Task goal: Among the entries below, one line contains "list X) : R" and another contains "Lemma sum_upto_shift f". Transcribe those two lines and every line between them, exactly.

=== Begin Enclosure ===

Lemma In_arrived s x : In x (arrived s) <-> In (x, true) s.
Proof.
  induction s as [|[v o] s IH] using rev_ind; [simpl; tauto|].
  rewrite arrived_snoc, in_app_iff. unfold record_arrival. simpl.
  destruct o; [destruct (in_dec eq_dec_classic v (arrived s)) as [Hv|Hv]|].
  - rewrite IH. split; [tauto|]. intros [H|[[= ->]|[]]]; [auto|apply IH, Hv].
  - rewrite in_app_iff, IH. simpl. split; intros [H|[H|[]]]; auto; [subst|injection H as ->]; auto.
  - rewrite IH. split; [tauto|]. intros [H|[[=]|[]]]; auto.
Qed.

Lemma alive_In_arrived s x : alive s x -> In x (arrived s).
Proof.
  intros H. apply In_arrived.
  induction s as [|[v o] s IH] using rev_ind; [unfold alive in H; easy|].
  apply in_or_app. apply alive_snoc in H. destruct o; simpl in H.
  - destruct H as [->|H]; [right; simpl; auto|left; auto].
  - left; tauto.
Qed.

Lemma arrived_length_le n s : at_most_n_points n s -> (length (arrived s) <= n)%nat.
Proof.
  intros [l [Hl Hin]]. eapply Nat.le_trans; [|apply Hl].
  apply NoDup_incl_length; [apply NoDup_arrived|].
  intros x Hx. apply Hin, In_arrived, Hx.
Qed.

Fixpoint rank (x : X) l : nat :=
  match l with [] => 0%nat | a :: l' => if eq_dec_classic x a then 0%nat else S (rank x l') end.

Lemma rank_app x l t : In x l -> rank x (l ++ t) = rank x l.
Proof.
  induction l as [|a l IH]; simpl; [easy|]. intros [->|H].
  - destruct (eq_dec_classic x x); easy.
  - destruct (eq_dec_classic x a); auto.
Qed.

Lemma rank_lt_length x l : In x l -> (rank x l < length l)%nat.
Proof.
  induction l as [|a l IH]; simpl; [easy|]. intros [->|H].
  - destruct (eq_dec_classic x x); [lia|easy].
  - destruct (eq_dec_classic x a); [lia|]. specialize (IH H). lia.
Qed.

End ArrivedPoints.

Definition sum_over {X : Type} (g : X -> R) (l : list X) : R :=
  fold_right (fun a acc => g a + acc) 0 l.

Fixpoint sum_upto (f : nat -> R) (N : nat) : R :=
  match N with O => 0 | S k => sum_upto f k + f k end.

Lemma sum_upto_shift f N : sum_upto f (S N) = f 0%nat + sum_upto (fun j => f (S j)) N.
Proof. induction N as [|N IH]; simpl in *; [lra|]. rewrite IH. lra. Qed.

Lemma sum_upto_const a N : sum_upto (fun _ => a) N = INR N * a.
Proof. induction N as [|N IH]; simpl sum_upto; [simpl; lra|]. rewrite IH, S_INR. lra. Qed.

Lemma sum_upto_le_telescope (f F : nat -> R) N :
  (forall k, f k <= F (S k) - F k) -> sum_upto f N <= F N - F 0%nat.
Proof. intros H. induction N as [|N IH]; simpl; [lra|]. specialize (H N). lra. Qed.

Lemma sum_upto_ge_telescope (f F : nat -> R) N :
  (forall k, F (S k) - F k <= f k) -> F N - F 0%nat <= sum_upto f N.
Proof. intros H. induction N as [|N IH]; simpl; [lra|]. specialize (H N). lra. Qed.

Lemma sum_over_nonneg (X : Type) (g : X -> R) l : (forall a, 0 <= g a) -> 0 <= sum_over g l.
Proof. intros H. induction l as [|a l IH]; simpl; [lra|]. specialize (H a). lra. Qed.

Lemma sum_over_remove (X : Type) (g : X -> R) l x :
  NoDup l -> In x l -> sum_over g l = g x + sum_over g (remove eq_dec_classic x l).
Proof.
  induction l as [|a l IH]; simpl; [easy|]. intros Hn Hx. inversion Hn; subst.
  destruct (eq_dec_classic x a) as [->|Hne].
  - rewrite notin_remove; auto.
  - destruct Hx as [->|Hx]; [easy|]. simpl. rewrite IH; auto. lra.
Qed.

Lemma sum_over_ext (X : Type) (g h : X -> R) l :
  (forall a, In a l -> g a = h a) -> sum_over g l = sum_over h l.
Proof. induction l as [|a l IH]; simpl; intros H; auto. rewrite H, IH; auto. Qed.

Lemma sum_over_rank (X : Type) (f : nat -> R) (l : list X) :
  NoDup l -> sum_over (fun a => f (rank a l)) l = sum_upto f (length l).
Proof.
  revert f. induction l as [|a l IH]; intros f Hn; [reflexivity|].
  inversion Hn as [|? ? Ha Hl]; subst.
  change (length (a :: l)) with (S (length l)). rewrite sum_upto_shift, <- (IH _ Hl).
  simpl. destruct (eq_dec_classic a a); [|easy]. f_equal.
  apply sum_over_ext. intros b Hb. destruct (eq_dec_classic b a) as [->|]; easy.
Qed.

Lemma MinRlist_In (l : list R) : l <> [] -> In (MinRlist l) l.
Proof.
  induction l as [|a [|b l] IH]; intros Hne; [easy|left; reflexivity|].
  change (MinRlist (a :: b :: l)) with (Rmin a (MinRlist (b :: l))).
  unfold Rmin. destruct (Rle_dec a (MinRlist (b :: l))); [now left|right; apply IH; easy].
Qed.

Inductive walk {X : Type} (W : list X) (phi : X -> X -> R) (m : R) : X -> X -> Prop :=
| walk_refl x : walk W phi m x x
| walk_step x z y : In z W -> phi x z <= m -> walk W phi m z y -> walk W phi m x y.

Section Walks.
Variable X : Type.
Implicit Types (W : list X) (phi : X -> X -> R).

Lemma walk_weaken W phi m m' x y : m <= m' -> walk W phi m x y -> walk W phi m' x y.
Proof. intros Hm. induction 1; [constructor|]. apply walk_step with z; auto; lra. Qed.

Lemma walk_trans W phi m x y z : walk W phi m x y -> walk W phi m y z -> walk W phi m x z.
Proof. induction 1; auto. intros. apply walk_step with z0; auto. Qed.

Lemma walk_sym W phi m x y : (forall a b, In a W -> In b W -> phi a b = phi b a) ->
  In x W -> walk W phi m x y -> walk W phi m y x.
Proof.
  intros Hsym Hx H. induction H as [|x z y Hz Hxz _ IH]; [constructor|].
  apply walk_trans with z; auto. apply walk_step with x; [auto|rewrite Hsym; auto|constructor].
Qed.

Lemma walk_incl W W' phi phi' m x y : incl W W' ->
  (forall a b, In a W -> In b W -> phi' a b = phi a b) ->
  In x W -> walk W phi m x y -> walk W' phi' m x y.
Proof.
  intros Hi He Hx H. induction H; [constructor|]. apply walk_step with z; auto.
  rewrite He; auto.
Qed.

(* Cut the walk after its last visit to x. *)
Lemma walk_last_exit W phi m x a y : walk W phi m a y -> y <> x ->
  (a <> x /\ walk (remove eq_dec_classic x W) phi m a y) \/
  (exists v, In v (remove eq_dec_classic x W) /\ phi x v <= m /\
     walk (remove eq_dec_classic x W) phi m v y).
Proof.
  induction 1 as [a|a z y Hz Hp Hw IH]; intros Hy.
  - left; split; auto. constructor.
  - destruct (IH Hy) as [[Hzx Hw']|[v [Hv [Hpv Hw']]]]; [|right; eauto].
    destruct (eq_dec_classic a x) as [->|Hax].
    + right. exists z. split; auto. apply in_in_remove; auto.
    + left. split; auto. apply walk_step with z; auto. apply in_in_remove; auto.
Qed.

=== End Enclosure ===

Answer box:
Definition sum_over {X : Type} (g : X -> R) (l : list X) : R :=
  fold_right (fun a acc => g a + acc) 0 l.

Fixpoint sum_upto (f : nat -> R) (N : nat) : R :=
  match N with O => 0 | S k => sum_upto f k + f k end.

Lemma sum_upto_shift f N : sum_upto f (S N) = f 0%nat + sum_upto (fun j => f (S j)) N.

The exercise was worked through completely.